• Exercise description:
Gather the lines below that include the string "intros", copying each in full.

• Collected data:
+--

Lemma zero_action_optimal Q :
  (forall n m, (n <= NB Mdl)%nat -> cache Mdl n m = true ->
     le_ninf (Q n m) (phi_plus Mdl Vhat zero_action Q n m)) ->
  forall v, inU Mdl v -> Deltahat Mdl Vhat zero_action v Q <= 0.
Proof.
  intros Hphi v Hv.
  destruct (classic (v = zero_action)) as [->|Hne]; [unfold Deltahat; lra|].
  destruct (inU_nonzero v Hv Hne) as (n & Hn & Hc).
  specialize (Hphi n (v n) Hn Hc). unfold le_ninf, phi_plus in Hphi.
  destruct (find_max _ _) as [x|] eqn:Hx; [|contradiction].
  destruct (find_max_some _ _ _ Hx) as [Hxcap HPhi].
  specialize (HPhi v Hv Hne).
  (* v serves the coordinate (n, v n), so Delta_{v,0} can only decrease from Q to x. *)
  pose proof (Deltahat_served_antitone v zero_action Q n (v n) (Q n (v n)) x Hn Hc
                (served_at v n (v n) eq_refl) (conj Hphi Hxcap)) as Hmono.
  rewrite upd_id in Hmono.
  rewrite Deltahat_antisym in HPhi |- *. lra.
Qed.

Lemma served_action_optimal u n m Q : (n <= NB Mdl)%nat -> cache Mdl n m = true ->
  u n = m -> validQ Mdl Q -> ge_pinf (Q n m) (phi_minus Mdl Vhat u Q n m) ->
  forall v, inU Mdl v -> Deltahat Mdl Vhat u v Q <= 0.
Proof.
  intros Hn Hc Hun HQ Hphi v Hv.
  destruct (classic (v = u)) as [->|Hne]; [unfold Deltahat; lra|].
  unfold ge_pinf, phi_minus in Hphi.
  destruct (find_min _ _) as [x|] eqn:Hx; [|contradiction].
  destruct (find_min_some _ _ _ Hx) as [_ HPhi].
  rewrite <- (upd_id Q n m). eapply Rle_trans; [|apply (HPhi v Hv Hne)].
  apply Deltahat_served_antitone; auto using served_at.
Qed.

Lemma phi_minus_MBS_antitone u m n Q x y : u O = m ->
  (1 <= n <= NB Mdl)%nat -> cache Mdl n m = true -> (x <= y <= cap Mdl n m)%nat ->
  le_pinf (phi_minus Mdl Vhat u (upd Q n m y) O m) (phi_minus Mdl Vhat u (upd Q n m x) O m).
Proof.
  intros Hu Hn Hc Hxy. apply find_min_weaken. intros z _ [Hz HPhi]. split; [exact Hz|].
  intros v Hv Hne. specialize (HPhi v Hv Hne).
  rewrite upd_comm in HPhi by lia. rewrite upd_comm by lia.
  eapply Rle_trans; [|exact HPhi].
  apply Deltahat_served_antitone; auto using served_by_MBS; lia.
Qed.

End Optimality.

End Model.

Theorem theorem2 (Mdl : Model) (mu : list (R * (nat -> nat)))
  (Hmu : is_base_policy Mdl mu)
  (Qdag : nat -> nat -> nat) (HQdag : validQ Mdl Qdag)
  (Vhat : nat -> nat -> nat -> R)
  (Hconv : forall n m q, (n <= NB Mdl)%nat -> cache Mdl n m = true ->
             (q <= cap Mdl n m)%nat ->
             Un_cv (fun l => Vit Mdl mu Qdag l n m q) (Vhat n m q)) :
  (forall Q, validQ Mdl Q ->
     (forall n m, (n <= NB Mdl)%nat -> cache Mdl n m = true ->
        le_ninf (Q n m) (phi_plus Mdl Vhat (zero_action) Q n m)) ->
     forall v, inU Mdl v ->
       Deltahat Mdl Vhat zero_action v Q <= 0 /\
       Jhat Mdl Vhat Q zero_action <= Jhat Mdl Vhat Q v)
  /\
  (forall u n m, inU Mdl u -> (n <= NB Mdl)%nat -> cache Mdl n m = true -> u n = m ->
     forall Q, validQ Mdl Q ->
       ge_pinf (Q n m) (phi_minus Mdl Vhat u Q n m) ->
       forall v, inU Mdl v ->
         Deltahat Mdl Vhat u v Q <= 0 /\ Jhat Mdl Vhat Q u <= Jhat Mdl Vhat Q v)
  /\
  (forall u m, inU Mdl u -> cache Mdl O m = true -> u O = m ->
     forall n, (1 <= n <= NB Mdl)%nat -> cache Mdl n m = true ->
     forall Q, validQ Mdl Q ->
     forall x y, (x <= y)%nat -> (y <= cap Mdl n m)%nat ->
       le_pinf (phi_minus Mdl Vhat u (upd Q n m y) O m)
               (phi_minus Mdl Vhat u (upd Q n m x) O m)).
Proof.
  destruct Hmu as [Hweights _].
  assert (HV : nondecreasing_values Mdl Vhat).
  { apply (limit_nondecreasing Mdl mu Qdag); [|exact Hconv].
    eapply Forall_impl; [|exact Hweights]. intros a [Ha _]. exact Ha. }
  split; [|split].
  - intros Q HQ Hphi v Hv.
    pose proof (zero_action_optimal Mdl Vhat HV Q Hphi v Hv) as D.
    unfold Deltahat in D |- *. lra.
  - intros u n m _ Hn Hc Hun Q HQ Hphi v Hv.
    pose proof (served_action_optimal Mdl Vhat HV u n m Q Hn Hc Hun HQ Hphi v Hv) as D.
    unfold Deltahat in D |- *. lra.
  - intros u m _ _ Hu n Hn Hc Q _ x y Hxy Hy.
    apply (phi_minus_MBS_antitone Mdl Vhat HV); auto.
Qed.
(* A p-adic unit d is invertible modulo p^N: with u d = v p^N + 1, the integer
   numq q * u approximates q = numq q / d. *)
Lemma abs_ratr_sub_int_le (q : rat) N : abs (ratr q : K) <= 1 ->
  exists b : int, abs (ratr q - b%:~R : K) <= rho N.
Proof.
move=> hq; set d := `|denq q|%N.
have pd := abs_ratr_le1_denq hq.
have ad1 : abs (d%:R : K) = 1 by apply: abs_natr_coprime.
have dpos : (0 < d)%N by rewrite absz_gt0 denq_neq0.
have d0 : (d%:R : K) != 0 by apply: natr_neq0.
have : coprime d (p ^ N) by apply: coprimeXr; rewrite coprime_sym prime_coprime.
case/(coprimeP _ dpos) => [[u v]] /= huv.
have e : (u * d = v * p ^ N + 1)%N.
  by move: huv; set a := (u * d)%N; set b := (v * p ^ N)%N; lia.
have eK : (u%:R * d%:R : K) = v%:R * (p ^ N)%N%:R + 1 by rewrite -!natrM e natrD.
exists (numq q * u%:Z).
have -> : (ratr q : K) - (numq q * u%:Z)%:~R = - ((numq q)%:~R * (v%:R * (p ^ N)%N%:R)) / d%:R.
  rewrite ratr_abs_denq intrM /=.
  have -> : ((numq q)%:~R : K) * u%:R = (numq q)%:~R * (u%:R * d%:R) / d%:R by field.
  by rewrite eK; field.
rewrite abs_div ad1 divr1 absN abs_mul abs_intr_abs -natrM.
apply: le_trans (_ : 1 * abs ((v * p ^ N)%N%:R : K) <= _).
  by apply: ler_wpM2r; rewrite ?abs_ge0 ?abs_natr_le1.
by rewrite mul1r abs_natrX_le.
Qed.

Lemma abs_int_sub_nat_le (b : int) N :
  exists a, (a < p ^ N)%N /\ abs (b%:~R - a%:R : K) <= rho N.
Proof.
set P := (p ^ N)%N.
have P0 : (0 < P)%N by rewrite expn_gt0 prime_gt0.
have hm0 : (0 <= (b %% P%:Z)%Z) by apply: modz_ge0; rewrite eqz_nat -lt0n.
exists `|(b %% P%:Z)%Z|%N; split.
  by rewrite -ltz_nat gez0_abs // ltz_pmod // ltz_nat.
have -> : ((`|(b %% P%:Z)%Z|%N)%:R : K) = ((b %% P%:Z)%Z)%:~R.
  by rewrite -[in RHS](gez0_abs hm0).
have -> : (b%:~R : K) - ((b %% P%:Z)%Z)%:~R = ((b %/ P%:Z)%Z)%:~R * P%:R.
  by rewrite {1}(divz_eq b P%:Z) intrD intrM addrK.
by rewrite abs_mul abs_intr_abs -abs_mul -natrM abs_natrX_le.
Qed.

Hypothesis rat_dense : forall x (e : R), 0 < e -> exists q : rat, abs (x - ratr q) < e.

Lemma Zp_net z N : abs z <= 1 -> exists a, (a < p ^ N)%N /\ abs (z - a%:R) <= rho N.
Proof.
move=> hz; have [q hq] := rat_dense z (rho_gt0 N).
have hq1 : abs (ratr q : K) <= 1.
  have -> : (ratr q : K) = z - (z - ratr q) by rewrite opprB addrC subrK.
  by apply: abs_sub_le => //; apply: ltW (lt_le_trans hq (rho_le1 N)).
have [b hb] := abs_ratr_sub_int_le N hq1.
have [a [ha hab]] := abs_int_sub_nat_le b N.
exists a; split => //.
have -> : z - a%:R = (z - ratr q) + ((ratr q - b%:~R) + (b%:~R - a%:R)) by ring.
by apply: abs_add_le; [exact: ltW | exact: abs_add_le].
Qed.
(* Let $1<g\in\mathbb{N}$ and let $\mathbf{X}=\bigcup_{i\ge1}X_i$ be a $g$-discrete self-similar fractal. For every $i\in\mathbb{Z}^+$, if $P_{\mathbf{X}}(i)$ holds then $P_{\mathbf{X}}(i+1)$ holds, where $P_{\mathbf{X}}(s)$ is the property: ''the full grid graph of $X_s$ is a tree and $nhb_{X_s}=nvb_{X_s}=1$''.
   Context: For $g\in\mathbb{N}$ write $\mathbb{N}_g=\{0,\dots,g-1\}$; for $A,B\subseteq\mathbb{N}^2$ and $k\in\mathbb{N}$, $A+kB=\{\vec m+k\vec n : \vec m\in A,\vec n\in B\}$. Let $1<g\in\mathbb{N}$. A set $\mathbf{X}\subset\mathbb{N}^2$ is a $g$-discrete self-similar fractal if there is a set $G$ with $\{(0,0)\}\subsetneq G\subsetneq\mathbb{N}_g^2$ having at least one point in every row and every column of $\mathbb{N}_g^2$ such that $\mathbf{X}=\bigcup_{i\ge1}X_i$, where $X_1=G$ and $X_{i+1}=X_i+g^iG$ ($X_i$ is the $i$-th stage). The full grid graph of $V\subseteq\mathbb{Z}^2$ has vertex set $V$ and an edge between $\vec x,\vec y$ iff $\|\vec x-\vec y\|=1$; a tree means this graph is connected and acyclic. For a finite $S\subseteq\mathbb{Z}^2$ let $l_S=\min_{(x,y)\in S}x$, $r_S=\max_{(x,y)\in S}x$, $b_S=\min_{(x,y)\in S}y$, $t_S=\max_{(x,y)\in S}y$. An h-bridge of $S$ is a subset of $S$ of the form $\{(l_S,y),(r_S,y)\}$; a v-bridge is a subset of $S$ of the form $\{(x,b_S),(x,t_S)\}$; $nhb_S$, $nvb_S$ denote their numbers. *)

(* Points of N^2 are pairs (nat * nat); finite subsets of N^2
   are represented by sequences (membership via \in; duplicates irrelevant). *)
From mathcomp Require Import all_boot.
Set Implicit Arguments. Unset Strict Implicit. Unset Printing Implicit Defensive.

Definition pt := (nat * nat)%type.

Definition padd (m n : pt) : pt := (m.1 + n.1, m.2 + n.2).
Definition pscale (k : nat) (n : pt) : pt := (k * n.1, k * n.2).

Definition valid_gen (g : nat) (G : seq pt) : Prop :=
  all (fun p : pt => (p.1 < g) && (p.2 < g)) G /\
  (0, 0) \in G /\
  (exists p : pt, p \in G /\ p != (0, 0)) /\
  (exists p : pt, [&& p.1 < g, p.2 < g & p \notin G]) /\
  (forall y, y < g -> exists x, (x, y) \in G) /\
  (forall x, x < g -> exists y, (x, y) \in G).

(* stage_aux g G k = X_{k+1} *)
Fixpoint stage_aux (g : nat) (G : seq pt) (k : nat) : seq pt :=
  match k with
  | 0 => G
  | k'.+1 => [seq padd m (pscale (g ^ k'.+1) n) | m <- stage_aux g G k', n <- G]
  end.

(* stage g G i = X_i  for i >= 1 (X_1 = G, X_{i+1} = X_i + g^i G) *)
Definition stage (g : nat) (G : seq pt) (i : nat) : seq pt := stage_aux g G i.-1.

Definition adj (p q : pt) : bool :=
  ((p.1 == q.1) && ((p.2 == q.2.+1) || (q.2 == p.2.+1))) ||
  ((p.2 == q.2) && ((p.1 == q.1.+1) || (q.1 == p.1.+1))).

Definition grid_connected (S : seq pt) : Prop :=
  forall u v, u \in S -> v \in S ->
    exists p : seq pt, [&& path adj u p, last u p == v & all (mem S) p].

Definition grid_acyclic (S : seq pt) : Prop :=
  ~ exists c : seq pt, [&& 3 <= size c, uniq c, all (mem S) c & cycle adj c].

Definition grid_tree (S : seq pt) : Prop := grid_connected S /\ grid_acyclic S.

Definition lS (S : seq pt) : nat := \big[minn/(head (0,0) S).1]_(p <- S) p.1.
Definition rS (S : seq pt) : nat := \max_(p <- S) p.1.
Definition bS (S : seq pt) : nat := \big[minn/(head (0,0) S).2]_(p <- S) p.2.
Definition tS (S : seq pt) : nat := \max_(p <- S) p.2.

(* number of h-bridges {(l_S,y),(r_S,y)} ⊆ S, i.e. number of such y *)
Definition nhb (S : seq pt) : nat :=
  size (undup [seq p.2 | p <- S & (p.1 == lS S) && ((rS S, p.2) \in S)]).
(* number of v-bridges {(x,b_S),(x,t_S)} ⊆ S, i.e. number of such x *)
Definition nvb (S : seq pt) : nat :=
  size (undup [seq p.1 | p <- S & (p.2 == bS S) && ((p.1, tS S) \in S)]).

Definition Pprop (S : seq pt) : Prop := grid_tree S /\ nhb S = 1 /\ nvb S = 1.

From mathcomp Require Import all_boot zify.
Set Implicit Arguments. Unset Strict Implicit. Unset Printing Implicit Defensive.

(* X_(i+1) = X_i + g^i G places a copy of the tile X_i on every cell of the
   scaled generator.  Points of one copy are adjacent iff they are adjacent in X_i,
   and copies over two adjacent cells of G meet only along a bridge: when X_i has a
   single h-bridge and a single v-bridge there is exactly one grid edge between
   them, namely the one joining the two ends of that bridge.  Hence, if X_i and G
   are trees with one bridge of each kind, the sum is connected (walk inside copies,
   cross at bridges) and acyclic (a cycle either stays in one copy, or uses one of
   the crossing edges and then projects onto a closed walk of G that returns
   without using that edge), and its bridges, which pair a bridge of X_i with a
   bridge of G, are again unique.  The hypotheses on G come from
   X_i = X_(i-1) + g^(i-1) G being such a tree: the cells of a connected sum form a
   connected set, G is contained in X_i, and the bridges of X_i are those of
   X_(i-1) paired with those of G. *)

Lemma divn_modn_MDl L q r : r < L -> (q * L + r) %/ L = q /\ (q * L + r) %% L = r.
Proof.
move=> rL; have L_gt0 : 0 < L by lia.
by rewrite divnMDl // divn_small // addn0 modnMDl modn_small.
Qed.

Lemma divn_modn_succ L x : 0 < L ->
  (x.+1 %/ L = x %/ L /\ x.+1 %% L = (x %% L).+1) \/
  (x.+1 %/ L = (x %/ L).+1 /\ x.+1 %% L = 0 /\ x %% L = L.-1).
Proof.
move=> L_gt0; have ex := divn_eq x L; have xL := ltn_pmod x L_gt0.
case: (ltnP (x %% L).+1 L) => h.
- have -> : x.+1 = x %/ L * L + (x %% L).+1 by lia.
  by left; apply: divn_modn_MDl.
- have -> : x.+1 = (x %/ L).+1 * L + 0 by lia.
  by right; have [-> ->] := divn_modn_MDl (x %/ L).+1 L_gt0; lia.
Qed.

Lemma adjP p q : reflect ((p.1 = q.1 /\ (p.2 = q.2.+1 \/ q.2 = p.2.+1)) \/
  (p.2 = q.2 /\ (p.1 = q.1.+1 \/ q.1 = p.1.+1))) (adj p q).
Proof.
rewrite /adj; apply: (iffP idP).
- by case/orP=> /andP[/eqP h /orP[]/eqP h']; [left|left|right|right]; tauto.
- by case=> [][/eqP -> [] ->]; rewrite ?eqxx ?orbT.
Qed.

Lemma adj_sym p q : adj p q = adj q p.
Proof. by apply/adjP/adjP; lia. Qed.

Lemma adj_irr p : adj p p = false.
Proof. by apply/adjP; lia. Qed.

+--

• Result for this task:
  intros Hphi v Hv.
  intros Hn Hc Hun HQ Hphi v Hv.
  intros Hu Hn Hc Hxy. apply find_min_weaken. intros z _ [Hz HPhi]. split; [exact Hz|].
  intros v Hv Hne. specialize (HPhi v Hv Hne).
    eapply Forall_impl; [|exact Hweights]. intros a [Ha _]. exact Ha. }
  - intros Q HQ Hphi v Hv.
  - intros u n m _ Hn Hc Hun Q HQ Hphi v Hv.
  - intros u m _ _ Hu n Hn Hc Q _ x y Hxy Hy.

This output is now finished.